== Your instructions ==
Restate word for word the lines of the material below, from the line with "have [wa' _]" to the line with "have : q = p.", both lines included, and no others.

== Source data ==
Lemma color_connected_exit r X v u : color_connected col r X -> v \in X ->
  u \in X :\ v -> exists2 a, conn r (X :\ v) u a & col a v = r.
Proof.
move=> cX vX uY; have uX : u \in X by case/setD1P: uY.
suff /exists_inP [a ua /eqP av] : [exists a in conn r (X :\ v) u, col a v == r].
  by exists a.
apply: contraTT (cX u v uX vX) => /exists_inPn noa.
have : ~~ conn r (X :\ v) u v.
  by apply/negP => /connect_color_mem /(_ uY); rewrite !inE eqxx.
apply: contra => cuv; apply: (connect_color_closed _ cuv); last exact: connect0.
move=> a b /and4P [aX bX ab /eqP abr] ua.
have aY : a \in X :\ v := connect_color_mem ua uY.
have [ebv | bv] := eqVneq b v; first by move: (noa a ua); rewrite -ebv abr eqxx.
rewrite unfold_in; apply: (connect_trans ua); apply: connect1.
by rewrite /color_edge aY !inE bv bX ab abr eqxx.
Qed.

Lemma color_across_components r s Y v a b : v \notin Y -> a \in Y -> b \in Y ->
  s != r -> col a v = r -> col v b = s -> ~~ conn r Y b a -> col b a = s.
Proof.
move=> vY aY bY sr av vb nba; have [ba bar] := not_connect_color bY aY nba.
have vb' : v != b by apply: contraNneq vY => ->.
have av' : a != v by apply: contraNneq vY => <-.
rewrite (col_sym ba) -vb; apply: (rainbow_freeE av' vb'); first by rewrite eq_sym.
  by rewrite av -(col_sym ba) eq_sym.
by rewrite av vb eq_sym.
Qed.

(* Otherwise v is r-adjacent to every r-component of X :\ v, and the colors p
   and q that v sends into these components are forced to coincide. *)
Lemma color_connected_setD1 p q r X v : p != q -> p != r -> q != r ->
  v \in X -> 1 < #|X| ->
  color_connected col p X -> color_connected col q X -> color_connected col r X ->
  color_connected col r (X :\ v).
Proof.
move=> pq pr qr vX X1 cpX cqX crX; set Y := X :\ v.
have vY : v \notin Y by rewrite !inE eqxx.
have [w wY vw] := color_connected_neighbor cpX vX X1.
have [w' w'Y vw'] := color_connected_neighbor cqX vX X1.
move=> x y xY yY; apply: contraT => nxy; exfalso.
have [z zY nwz] : exists2 z, z \in Y & ~~ conn r Y w z.
  have [wx|] := boolP (conn r Y w x); last by exists x.
  exists y => //; apply: contra nxy; apply: connect_trans.
  by rewrite connect_color_sym.
have [ww'|nww'] := boolP (conn r Y w w').
  have [a za av] := color_connected_exit crX vX zY.
  have aY := connect_color_mem za zY.
  have nwa : ~~ conn r Y w a.
    by apply: contra nwz => wa; apply: connect_trans wa _; rewrite connect_color_sym.
  have nw'a : ~~ conn r Y w' a by apply: contra nwa; apply: connect_trans ww'.
  have := color_component_homog aY nwa ww'.
  rewrite (color_across_components vY aY wY pr av vw nwa).
  rewrite (color_across_components vY aY w'Y qr av vw' nw'a).
  by move=> qp; rewrite qp eqxx in pq.
have [a wa av] := color_connected_exit crX vX wY.
have [a' w'a' a'v] := color_connected_exit crX vX w'Y.
have aY := connect_color_mem wa wY; have a'Y := connect_color_mem w'a' w'Y.
have nw'a : ~~ conn r Y w' a.
  by apply: contra nww' => w'a; apply: connect_trans wa _; rewrite connect_color_sym.
have nwa' : ~~ conn r Y w a'.
  by apply: contra nww' => wa'; apply: connect_trans wa' _; rewrite connect_color_sym.
have [w'a _] := not_connect_color w'Y aY nw'a.
have [wa' _] := not_connect_color wY a'Y nwa'.
have [ww'' _] := not_connect_color wY w'Y nww'.
have e1 := color_component_homog w'Y nww' wa.
have e2 : col a' w = col w' w.
  by apply: (color_component_homog wY _ w'a'); rewrite connect_color_sym.
have : q = p.
  rewrite -(color_across_components vY aY w'Y qr av vw' nw'a).
  rewrite -(color_across_components vY a'Y wY pr a'v vw nwa').
  by rewrite (col_sym w'a) e1 (col_sym ww'') -e2 (col_sym wa').
by move=> qp; rewrite qp eqxx in pq.
Qed.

== Result for this task ==
have [wa' _] := not_connect_color wY a'Y nwa'.
have [ww'' _] := not_connect_color wY w'Y nww'.
have e1 := color_component_homog w'Y nww' wa.
have e2 : col a' w = col w' w.
  by apply: (color_component_homog wY _ w'a'); rewrite connect_color_sym.
have : q = p.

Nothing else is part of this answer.